§ **Records provided**
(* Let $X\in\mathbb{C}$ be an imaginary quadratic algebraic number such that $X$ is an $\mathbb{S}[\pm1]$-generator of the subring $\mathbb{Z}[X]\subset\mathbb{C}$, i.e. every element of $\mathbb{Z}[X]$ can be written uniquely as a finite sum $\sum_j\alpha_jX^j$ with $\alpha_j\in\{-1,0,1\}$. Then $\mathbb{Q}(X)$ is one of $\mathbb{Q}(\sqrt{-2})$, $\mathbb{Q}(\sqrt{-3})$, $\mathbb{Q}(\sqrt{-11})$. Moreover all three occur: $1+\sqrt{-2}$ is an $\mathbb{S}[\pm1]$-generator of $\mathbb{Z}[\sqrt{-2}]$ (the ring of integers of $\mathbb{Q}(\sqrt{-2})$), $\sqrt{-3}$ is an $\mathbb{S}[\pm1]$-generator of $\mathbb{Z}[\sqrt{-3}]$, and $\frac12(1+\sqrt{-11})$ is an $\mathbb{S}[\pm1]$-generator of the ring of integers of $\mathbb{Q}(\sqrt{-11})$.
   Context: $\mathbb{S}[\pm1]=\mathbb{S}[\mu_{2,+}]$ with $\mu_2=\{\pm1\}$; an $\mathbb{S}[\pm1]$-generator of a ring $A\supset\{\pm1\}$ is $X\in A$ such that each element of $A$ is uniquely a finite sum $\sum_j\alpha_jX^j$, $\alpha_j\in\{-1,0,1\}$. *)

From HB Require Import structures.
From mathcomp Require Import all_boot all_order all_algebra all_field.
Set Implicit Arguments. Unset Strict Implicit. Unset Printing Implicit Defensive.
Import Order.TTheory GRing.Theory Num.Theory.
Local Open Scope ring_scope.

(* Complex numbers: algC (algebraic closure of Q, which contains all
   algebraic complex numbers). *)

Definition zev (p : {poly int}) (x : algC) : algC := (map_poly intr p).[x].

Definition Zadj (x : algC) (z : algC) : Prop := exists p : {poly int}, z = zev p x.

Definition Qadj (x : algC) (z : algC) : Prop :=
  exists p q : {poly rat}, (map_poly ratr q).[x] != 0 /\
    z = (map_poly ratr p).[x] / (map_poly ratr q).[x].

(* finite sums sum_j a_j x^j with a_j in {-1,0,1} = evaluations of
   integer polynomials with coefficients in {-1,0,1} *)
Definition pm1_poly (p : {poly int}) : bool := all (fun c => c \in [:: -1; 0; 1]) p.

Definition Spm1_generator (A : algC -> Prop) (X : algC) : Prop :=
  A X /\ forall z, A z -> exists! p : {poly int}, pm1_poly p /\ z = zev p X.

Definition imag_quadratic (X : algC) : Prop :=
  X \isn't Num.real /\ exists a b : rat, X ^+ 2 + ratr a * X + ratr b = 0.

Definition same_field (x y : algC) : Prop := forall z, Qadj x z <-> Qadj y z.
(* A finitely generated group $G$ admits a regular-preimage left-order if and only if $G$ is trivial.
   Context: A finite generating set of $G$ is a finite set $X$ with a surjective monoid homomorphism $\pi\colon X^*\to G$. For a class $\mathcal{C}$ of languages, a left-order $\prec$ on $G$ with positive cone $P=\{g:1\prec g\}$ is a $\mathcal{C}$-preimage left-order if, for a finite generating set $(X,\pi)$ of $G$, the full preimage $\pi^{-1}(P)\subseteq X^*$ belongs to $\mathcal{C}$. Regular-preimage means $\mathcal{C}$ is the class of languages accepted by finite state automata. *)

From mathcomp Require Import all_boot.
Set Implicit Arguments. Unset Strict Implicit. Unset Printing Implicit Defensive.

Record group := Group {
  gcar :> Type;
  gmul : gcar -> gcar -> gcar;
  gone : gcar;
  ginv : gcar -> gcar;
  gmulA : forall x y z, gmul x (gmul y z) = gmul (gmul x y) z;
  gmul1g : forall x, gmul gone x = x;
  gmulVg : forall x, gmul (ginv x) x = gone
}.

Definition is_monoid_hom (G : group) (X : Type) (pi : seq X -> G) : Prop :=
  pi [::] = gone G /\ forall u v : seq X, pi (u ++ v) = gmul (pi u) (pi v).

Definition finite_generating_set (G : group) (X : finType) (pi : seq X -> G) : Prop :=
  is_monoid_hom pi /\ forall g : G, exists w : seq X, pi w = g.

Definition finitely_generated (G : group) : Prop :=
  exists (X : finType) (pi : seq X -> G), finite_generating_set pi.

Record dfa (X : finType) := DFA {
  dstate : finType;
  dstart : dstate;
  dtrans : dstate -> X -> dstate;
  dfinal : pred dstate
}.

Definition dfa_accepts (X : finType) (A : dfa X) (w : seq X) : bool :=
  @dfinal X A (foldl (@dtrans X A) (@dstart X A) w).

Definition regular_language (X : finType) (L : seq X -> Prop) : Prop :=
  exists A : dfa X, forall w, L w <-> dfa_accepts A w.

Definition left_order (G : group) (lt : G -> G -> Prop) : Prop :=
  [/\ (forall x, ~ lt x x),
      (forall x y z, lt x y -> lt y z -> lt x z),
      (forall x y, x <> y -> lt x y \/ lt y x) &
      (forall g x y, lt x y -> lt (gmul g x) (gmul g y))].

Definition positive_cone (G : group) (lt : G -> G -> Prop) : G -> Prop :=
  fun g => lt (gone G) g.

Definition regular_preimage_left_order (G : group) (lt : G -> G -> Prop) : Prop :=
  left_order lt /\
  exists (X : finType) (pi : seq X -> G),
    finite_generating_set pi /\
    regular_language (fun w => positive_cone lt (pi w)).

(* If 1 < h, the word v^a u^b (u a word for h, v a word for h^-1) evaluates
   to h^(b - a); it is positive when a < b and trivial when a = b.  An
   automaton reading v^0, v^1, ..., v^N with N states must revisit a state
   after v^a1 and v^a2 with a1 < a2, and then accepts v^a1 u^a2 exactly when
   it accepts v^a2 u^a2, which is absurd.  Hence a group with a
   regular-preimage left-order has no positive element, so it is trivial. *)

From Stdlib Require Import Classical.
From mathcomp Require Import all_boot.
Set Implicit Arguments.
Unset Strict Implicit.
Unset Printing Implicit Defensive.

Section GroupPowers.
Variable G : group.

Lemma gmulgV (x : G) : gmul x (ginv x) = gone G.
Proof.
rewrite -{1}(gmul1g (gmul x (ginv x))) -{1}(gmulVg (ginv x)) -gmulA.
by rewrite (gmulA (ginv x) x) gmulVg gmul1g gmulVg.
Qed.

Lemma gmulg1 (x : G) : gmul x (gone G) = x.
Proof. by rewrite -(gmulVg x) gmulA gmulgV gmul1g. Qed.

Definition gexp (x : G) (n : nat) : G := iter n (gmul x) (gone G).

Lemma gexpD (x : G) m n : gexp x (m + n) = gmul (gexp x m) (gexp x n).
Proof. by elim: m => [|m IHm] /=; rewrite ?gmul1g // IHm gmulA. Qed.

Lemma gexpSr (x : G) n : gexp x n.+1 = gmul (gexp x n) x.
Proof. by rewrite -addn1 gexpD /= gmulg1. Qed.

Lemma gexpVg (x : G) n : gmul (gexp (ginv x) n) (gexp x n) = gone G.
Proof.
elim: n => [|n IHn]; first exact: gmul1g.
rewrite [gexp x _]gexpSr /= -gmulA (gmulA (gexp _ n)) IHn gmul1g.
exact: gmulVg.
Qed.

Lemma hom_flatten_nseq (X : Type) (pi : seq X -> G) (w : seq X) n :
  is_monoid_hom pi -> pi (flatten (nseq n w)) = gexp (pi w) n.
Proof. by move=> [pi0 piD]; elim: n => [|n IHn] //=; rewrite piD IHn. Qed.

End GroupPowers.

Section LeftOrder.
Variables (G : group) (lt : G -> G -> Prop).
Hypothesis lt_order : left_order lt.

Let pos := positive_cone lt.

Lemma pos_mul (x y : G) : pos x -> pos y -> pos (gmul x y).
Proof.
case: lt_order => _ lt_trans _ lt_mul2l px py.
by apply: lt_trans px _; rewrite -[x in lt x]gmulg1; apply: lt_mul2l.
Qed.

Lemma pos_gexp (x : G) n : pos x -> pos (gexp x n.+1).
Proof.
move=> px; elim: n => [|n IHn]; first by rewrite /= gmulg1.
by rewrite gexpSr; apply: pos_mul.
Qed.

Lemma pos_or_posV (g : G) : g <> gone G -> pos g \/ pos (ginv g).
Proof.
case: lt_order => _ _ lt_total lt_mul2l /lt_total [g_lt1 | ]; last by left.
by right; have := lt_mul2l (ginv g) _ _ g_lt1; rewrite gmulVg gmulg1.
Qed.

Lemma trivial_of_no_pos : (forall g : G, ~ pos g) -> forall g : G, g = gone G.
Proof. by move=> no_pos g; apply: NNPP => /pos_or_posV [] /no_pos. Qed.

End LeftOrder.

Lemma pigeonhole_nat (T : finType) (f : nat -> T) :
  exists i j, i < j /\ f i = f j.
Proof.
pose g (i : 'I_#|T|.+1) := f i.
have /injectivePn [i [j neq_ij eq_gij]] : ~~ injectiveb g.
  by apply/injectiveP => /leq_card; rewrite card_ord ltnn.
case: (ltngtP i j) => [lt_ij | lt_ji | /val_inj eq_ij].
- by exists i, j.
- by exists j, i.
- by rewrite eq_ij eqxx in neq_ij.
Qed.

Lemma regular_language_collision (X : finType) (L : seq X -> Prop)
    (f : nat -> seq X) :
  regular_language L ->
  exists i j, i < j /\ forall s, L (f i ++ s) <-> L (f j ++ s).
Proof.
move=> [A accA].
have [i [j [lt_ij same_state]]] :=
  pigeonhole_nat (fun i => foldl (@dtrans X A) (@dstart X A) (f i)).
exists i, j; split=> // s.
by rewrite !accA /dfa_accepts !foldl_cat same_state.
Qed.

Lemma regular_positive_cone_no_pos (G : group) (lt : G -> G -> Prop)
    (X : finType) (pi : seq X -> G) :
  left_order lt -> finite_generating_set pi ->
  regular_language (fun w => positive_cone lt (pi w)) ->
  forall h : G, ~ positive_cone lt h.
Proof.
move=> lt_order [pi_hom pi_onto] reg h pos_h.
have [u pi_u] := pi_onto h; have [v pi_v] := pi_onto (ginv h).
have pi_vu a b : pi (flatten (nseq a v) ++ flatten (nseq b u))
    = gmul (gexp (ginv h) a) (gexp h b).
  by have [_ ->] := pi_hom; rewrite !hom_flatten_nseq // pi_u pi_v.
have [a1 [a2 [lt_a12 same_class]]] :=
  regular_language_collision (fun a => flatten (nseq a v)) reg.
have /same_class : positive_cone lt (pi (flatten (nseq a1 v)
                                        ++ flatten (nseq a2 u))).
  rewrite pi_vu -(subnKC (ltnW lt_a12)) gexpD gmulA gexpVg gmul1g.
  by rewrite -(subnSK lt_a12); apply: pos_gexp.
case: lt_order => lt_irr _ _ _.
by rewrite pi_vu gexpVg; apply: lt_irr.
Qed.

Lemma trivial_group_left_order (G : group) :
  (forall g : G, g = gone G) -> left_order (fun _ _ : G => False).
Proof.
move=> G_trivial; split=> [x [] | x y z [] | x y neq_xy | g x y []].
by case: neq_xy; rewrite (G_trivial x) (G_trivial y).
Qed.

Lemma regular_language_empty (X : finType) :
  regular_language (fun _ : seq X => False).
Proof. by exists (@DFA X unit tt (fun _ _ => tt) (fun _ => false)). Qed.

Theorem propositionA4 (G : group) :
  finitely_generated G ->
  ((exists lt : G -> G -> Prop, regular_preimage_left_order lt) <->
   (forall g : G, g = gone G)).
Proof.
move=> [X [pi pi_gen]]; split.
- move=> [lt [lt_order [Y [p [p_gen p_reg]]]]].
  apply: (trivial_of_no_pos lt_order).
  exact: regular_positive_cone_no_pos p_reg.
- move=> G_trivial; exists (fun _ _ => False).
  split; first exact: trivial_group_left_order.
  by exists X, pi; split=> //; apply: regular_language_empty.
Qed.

§ **Task instructions**
Note down each line above where the word "dstate" occurs.

§ **Answer to this problem**
  dstate : finType;
  dstart : dstate;
  dtrans : dstate -> X -> dstate;
  dfinal : pred dstate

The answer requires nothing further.